De plus, nous pensons que le taux de chercheurs d’emploi qui bénéficient d’un accompagnement intensif est trop bas. Nous croyons que de nombreux chercheurs d’emploi devraient profiter d’un soutien plus important en raison, notamment, d’un niveau de qualification trop bas, de problèmes économiques, sociaux et psychiques (qui peuvent aussi résulter d’une période de chômage trop longue), ou encore, dans le cas des primo-arrivants, de leur installation récente sur le sol belge. Pour y remédier, Ecolo et Groen proposent d’augmenter le nombre de conseillers en emploi pour atteindre l’objectif européen de 1 pour 60 demandeurs d’emploi.

Enfin, Ecolo et Groen souhaitent aussi accompagner les employeurs dans leur recherche du bon candidat. Nous pensons que les employeurs prennent parfois le risque de passer à côté du candidat idéal en raison de préjugés. Cela constitue une double perte : l’entreprise qui aurait pu avoir un meilleur employé et le candidat déchu, frustré de ne pas avoir pu faire ses preuves. Nous envisageons des programmes de coaching destinés aux employeurs afin de favoriser des procédures de recrutement avec un regard « ouvert » qui feraient l’impasse sur certains biais, notamment concernant la maîtrise de la langue quand d’autres compétences prédominent.
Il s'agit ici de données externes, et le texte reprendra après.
Lemma within_factor_factor x y n : -1 < x -> x <= y -> (1 <= n)%nat ->
  within_factor (ratio x y (2 * INR n) / ratio x y (2 * INR n + 1)) (factor x n) (factor y n).
Proof.
  intros Hx Hxy Hn. pose proof (INR_ge_1 n Hn).
  assert (Hbase : within_factor (ratio x y (2 * INR n) / ratio x y (2 * INR n + 1))
                    (factor_base x n) (factor_base y n)).
  { unfold ratio, factor_base.
    replace (2 * INR n + 1 + x) with (2 * INR n + x + 1) by ring.
    replace (2 * INR n + 1 + y) with (2 * INR n + y + 1) by ring.
    apply within_factor_frac; lra. }
  rewrite !factor_eq. destruct (Z.eqb (u n) 1); [assumption|].
  apply within_factor_inv; [apply factor_base_pos; auto; lra .. | assumption].
Qed.

Lemma within_factor_partial_prod_telescoped x y N : -1 < x -> x <= y -> (1 <= N)%nat ->
  within_factor (ratio x y 2 / ratio x y (2 * INR N + 1)) (partial_prod x N) (partial_prod y N).
Proof.
  intros Hx Hxy HN. induction HN as [|N HN IH].
  - simpl partial_prod. rewrite !Rmult_1_l. replace 2 with (2 * INR 1) at 1 by (simpl; ring).
    apply within_factor_factor; auto.
  - pose proof (INR_ge_1 N HN). rewrite S_INR in *.
    assert (Hanti : ratio x y (2 * (INR N + 1)) <= ratio x y (2 * INR N + 1))
      by (apply ratio_antitone; lra).
    assert (H2 : 1 <= ratio x y 2) by (apply ratio_ge_1; lra).
    assert (H3 : 1 <= ratio x y (2 * INR N + 1)) by (apply ratio_ge_1; lra).
    assert (H4 : 1 <= ratio x y (2 * (INR N + 1) + 1)) by (apply ratio_ge_1; lra).
    pose proof (partial_prod_pos x N Hx). pose proof (partial_prod_pos y N ltac:(lra)).
    pose proof (factor_pos x (S N) Hx ltac:(lia)).
    pose proof (factor_pos y (S N) ltac:(lra) ltac:(lia)).
    simpl partial_prod. apply within_factor_weaken with
      (ratio x y 2 / ratio x y (2 * INR N + 1) *
       (ratio x y (2 * (INR N + 1)) / ratio x y (2 * (INR N + 1) + 1))); [nra .. | |].
    + replace (ratio x y 2 / ratio x y (2 * INR N + 1) *
               (ratio x y (2 * (INR N + 1)) / ratio x y (2 * (INR N + 1) + 1)))
        with (ratio x y 2 / ratio x y (2 * (INR N + 1) + 1) *
              (ratio x y (2 * (INR N + 1)) / ratio x y (2 * INR N + 1))) by (field; lra).
      rewrite <- (Rmult_1_r (ratio x y 2 / _)) at 2.
      apply Rmult_le_compat_l.
      * apply Rmult_le_pos; [lra | left; apply Rinv_0_lt_compat; lra].
      * apply Rle_div_l; lra.
    + apply within_factor_mult; [lra .. | exact IH |].
      rewrite <- S_INR. apply within_factor_factor; auto; lia.
Qed.
Definition level_partition (Rr : realType) (w : M -> Rr) : {set {set M}} :=
  [set [set a | w a == w x] | x : M].

(* characters (R,+) -> C^* ; values taken in algC (all roots of unity lie there) *)
Definition is_character (chi : M -> algC) : Prop :=
  (forall x y : M, chi (x + y) = chi x * chi y) /\ (forall x : M, chi x != 0).

Definition generating_character (chi : M -> algC) : Prop :=
  is_character chi /\
  forall psi : M -> algC, is_character psi ->
    exists r : M, forall v : M, psi v = chi (v *m r).

Definition left_dual_rel (P : {set {set M}}) (chi : M -> algC) (b b' : M) : bool :=
  [forall B in P, \sum_(a in B) chi (a *m b) == \sum_(a in B) chi (a *m b')].

Definition left_dual_partition (P : {set {set M}}) (chi : M -> algC) : {set {set M}} :=
  [set [set b' | left_dual_rel P chi b b'] | b : M].

End Defs.

From HB Require Import structures.
From mathcomp Require Import all_boot all_order all_algebra all_field.
From mathcomp Require Import reals.
From mathcomp Require Import all_fingroup all_character.
From mathcomp Require Import ring lra.
Set Implicit Arguments. Unset Strict Implicit. Unset Printing Implicit Defensive.
Import Order.TTheory GRing.Theory Num.Theory.
Local Open Scope ring_scope.

(* On M_m(F) the normalized homogeneous weight depends only on the rank:
   w x = 1 - G (rank x) with G j = (-1)^j prod_(i < j) q^i / (q^m - q^i).
   The recursion q^j G j + (q^m - q^j) G (j+1) = 0 makes the sum of G o rank
   over every nonzero left ideal vanish, and since |G| decreases with
   alternating signs, w separates ranks.  So the level partition is the
   partition into rank classes, i.e. the orbits of x |-> u x v for units u, v.
   A generating character lets units move from one side of a product to the
   other (through the Nakayama automorphism), so the block sums defining the
   dual relation and the Fourier transforms of the blocks are both constant on
   rank classes; Fourier inversion then shows that the dual classes are
   exactly the rank classes. *)

Lemma additive_char_separates (V : finZmodType) (x : V) : x != 0 ->
  exists psi : V -> algC, [/\ forall a b, psi (a + b) = psi a * psi b,
                              forall a, psi a != 0 & psi x != 1].
Proof.
move=> nz_x; pose gT := FinRing.Zmodule_to_finGroup V.
have linG := char_abelianP [set: gT]%G (FinRing.zmod_abelian _).
have [i chi_x] : exists i, (x : gT) \notin cfker 'chi[[set: gT]%G]_i.
  apply/existsP; rewrite -negb_forall; apply: contra nz_x => /forallP kerx.
  have : (x : gT) \in \bigcap_i cfker 'chi[[set: gT]%G]_i by apply/bigcapP.
  by rewrite TI_cfker_irr inE.
move: chi_x; rewrite cfkerEirr inE lin_char1 //= => chi_x.
exists (fun a => 'chi_i (a : gT)); split => // [a b | a].
- by apply: (lin_charM (linG i)); rewrite inE.
- by apply: lin_char_neq0; rewrite ?inE.
Qed.

Section GeneratingCharacter.
Variables (F : finFieldType) (m : nat) (chi : 'M[F]_m -> algC).
Hypothesis chi_gen : generating_character chi.
Local Notation M := 'M[F]_m.

Lemma chiD (x y : M) : chi (x + y) = chi x * chi y.
Proof. by case: chi_gen => [[]]. Qed.

Lemma chi_neq0 (x : M) : chi x != 0.
Proof. by case: chi_gen => [[]]. Qed.

Lemma chi0 : chi 0 = 1.
Proof. by apply: (mulfI (chi_neq0 0)); rewrite mulr1 -chiD addr0. Qed.

Lemma chiB (x y : M) : chi (x - y) = chi x / chi y.
Proof.
apply: (mulIf (chi_neq0 y)); rewrite -chiD subrK mulfVK //; exact: chi_neq0.
Qed.

Lemma chi_nondeg_r (z : M) : z != 0 -> exists r, chi (z *m r) != 1.
Proof.
case/additive_char_separates => psi [psiD psi_neq0 psi_z].
have [r psiE] := chi_gen.2 psi (conj psiD psi_neq0).
by exists r; rewrite -psiE.
Qed.

Lemma chi_mulmx_inj_r (x y : M) : (forall r, chi (x *m r) = chi (y *m r)) -> x = y.
Proof.
move=> chi_xy; apply/eqP; rewrite -subr_eq0; apply: contraT => /chi_nondeg_r[r].
by rewrite mulmxBl chiB chi_xy divff ?eqxx ?chi_neq0.
Qed.

Definition nakayama (x : M) : M :=
  odflt 0 [pick r | [forall y, chi (x *m y) == chi (y *m r)]].

Lemma nakayamaP (x y : M) : chi (x *m y) = chi (y *m nakayama x).
Proof.
rewrite /nakayama; case: pickP => [r /forallP/(_ y)/eqP // | no_r] /=.
have [r chi_xr] : exists r, forall y, chi (x *m y) = chi (y *m r).
  by apply: chi_gen.2; split=> [a b|a]; rewrite ?mulmxDr ?chiD ?chi_neq0.
by have /forallP[] := negbT (no_r r) => z; rewrite chi_xr.
Qed.

Lemma nakayama_inj : injective nakayama.
Proof.
by move=> x y Exy; apply: chi_mulmx_inj_r => r; rewrite (nakayamaP x) (nakayamaP y) Exy.
Qed.

Lemma nakayama_surj (r : M) : exists x, nakayama x = r.
Proof. by have [g _ nakK] := injF_bij nakayama_inj; exists (g r). Qed.

Lemma chi_mulmx_inj_l (x y : M) : (forall r, chi (r *m x) = chi (r *m y)) -> x = y.
Proof.
have [[x' <-] [y' <-]] := (nakayama_surj x, nakayama_surj y) => chi_xy.
congr nakayama; apply: chi_mulmx_inj_r => r.
by rewrite (nakayamaP x') (nakayamaP y') chi_xy.
Qed.

Lemma nakayamaM (x y : M) : nakayama (x *m y) = nakayama x *m nakayama y.
Proof.
apply: chi_mulmx_inj_l => z; rewrite -(nakayamaP (x *m y)) -mulmxA (nakayamaP x).
by rewrite -mulmxA (nakayamaP y) mulmxA.
Qed.

Lemma nakayama1 : nakayama 1%:M = 1%:M.
Proof. by apply: chi_mulmx_inj_l => z; rewrite -nakayamaP mul1mx mulmx1. Qed.

Lemma nakayama_unit (x : M) : (nakayama x \in unitmx) = (x \in unitmx).
Proof.
apply/idP/idP => [nak_x | x_unit]; last first.
  by case: (@mulmx1_unit _ _ (nakayama x) (nakayama (invmx x)));
     rewrite // -nakayamaM mulmxV ?nakayama1.
have [y nak_y] := nakayama_surj (invmx (nakayama x)).
suff /mulmx1_unit[] : x *m y = 1%:M by [].
by apply: nakayama_inj; rewrite nakayamaM nak_y mulmxV ?nakayama1.
Qed.

Lemma chi_nondeg_l (z : M) : z != 0 -> exists a, chi (a *m z) != 1.
Proof.
move=> nz_z; apply/existsP; rewrite -negb_forall; apply: contra nz_z => chi_z.
apply/eqP/chi_mulmx_inj_l => a; rewrite mulmx0 chi0; exact/eqP/(forallP chi_z).
Qed.

Lemma sum_chi_mulmx_l (z : M) :
  \sum_a chi (a *m z) = if z == 0 then #|M|%:R else 0.
Proof.
case: eqP => [-> | /eqP/chi_nondeg_l[a0 chi_a0]].
  by under eq_bigr do rewrite mulmx0 chi0; rewrite sumr_const.
have : \sum_a chi (a *m z) = chi (a0 *m z) * \sum_a chi (a *m z).
  rewrite mulr_sumr (reindex_inj (addrI a0)) /=.
  by apply: eq_bigr => a _; rewrite mulmxDl chiD.
move/eqP; rewrite -subr_eq0 -{1}(mul1r (\sum_a _)) -mulrBl mulf_eq0 subr_eq0.
by rewrite eq_sym (negbTE chi_a0) => /eqP.
Qed.

Lemma chi_unit_transfer_l (u : M) : u \in unitmx ->
  exists2 u', u' \in unitmx & forall y, chi (u *m y) = chi (y *m u').
Proof. by exists (nakayama u); rewrite ?nakayama_unit //; apply: nakayamaP. Qed.

Lemma chi_unit_transfer_r (u : M) : u \in unitmx ->
  exists2 u', u' \in unitmx & forall y, chi (y *m u) = chi (u' *m y).
Proof.
have [u' <-] := nakayama_surj u; rewrite nakayama_unit => u'_unit.
by exists u' => // y; rewrite (nakayamaP u').
Qed.

(* Fourier transform, with respect to [chi], of the indicator function of [B]. *)
Definition block_transform (B : {set M}) (a : M) : algC :=
  \sum_(c in B) chi (- (a *m c)).

Lemma sum_chi_block_transform (B : {set M}) (x : M) :
  \sum_a chi (a *m x) * block_transform B a = #|M|%:R *+ (x \in B).
Proof.
under eq_bigr do rewrite mulr_sumr; rewrite exchange_big /=.
transitivity (\sum_(c in B) \sum_a chi (a *m (x - c))).
  by apply: eq_bigr => c _; apply: eq_bigr => a _; rewrite mulmxBr chiD.
under eq_bigr do rewrite sum_chi_mulmx_l subr_eq0.
rewrite -big_mkcondr /=; case: (boolP (x \in B)) => [xB | xNB].
  by rewrite (big_pred1 x) // => c; apply/andP/eqP => [[_ /eqP] | ->].
by rewrite big_pred0 // => c; apply: contraNF xNB => /andP[Bc /eqP ->].
Qed.

Section SelfDualPartition.
Variable P : {set {set M}}.
Hypothesis partP : partition P [set: M].

Let mem_pblockT (x : M) : x \in pblock P x.
Proof. by case/and3P: partP => /eqP covP _ _; rewrite mem_pblock covP inE. Qed.

Let pblockT (x : M) : pblock P x \in P.
Proof. by rewrite pblock_mem // -mem_pblock mem_pblockT. Qed.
B. Développement des talents

A Bruxelles, de nombreux enfants et jeunes grandissent dans un environnement multilingue et parlent ainsi plusieurs langues depuis leur plus jeune âge. Alors que la maîtrise de plusieurs langues constitue une réelle plus-value sur le marché de l’emploi, dans notre Région ces talents ne sont malheureusement pas assez valorisés dans nos écoles. Raison pour laquelle nous voulons mettre en place des écoles multilingues pour préparer au mieux nos enfants aux nombreux défis du marché du travail de notre Capitale.

C. Tests de situation

Trop souvent, nous constatons que les personnes ayant des origines étrangères ne sont même pas invités pour certains emplois. On ne regarde pas leurs qualifications ou leurs compétences, mais une première sélection est faite sur la base du nom, de l’origine ou de la communauté. Cette discrimination est inacceptable. Nous voulons que la Région Bruxelloise mette sur pied un programme d’inspection qui, pour les entreprises avec présomption de discrimination, utilise des tests de situation pour voir chaque demandeur d’emploi bénéficie de l’égalité des chances.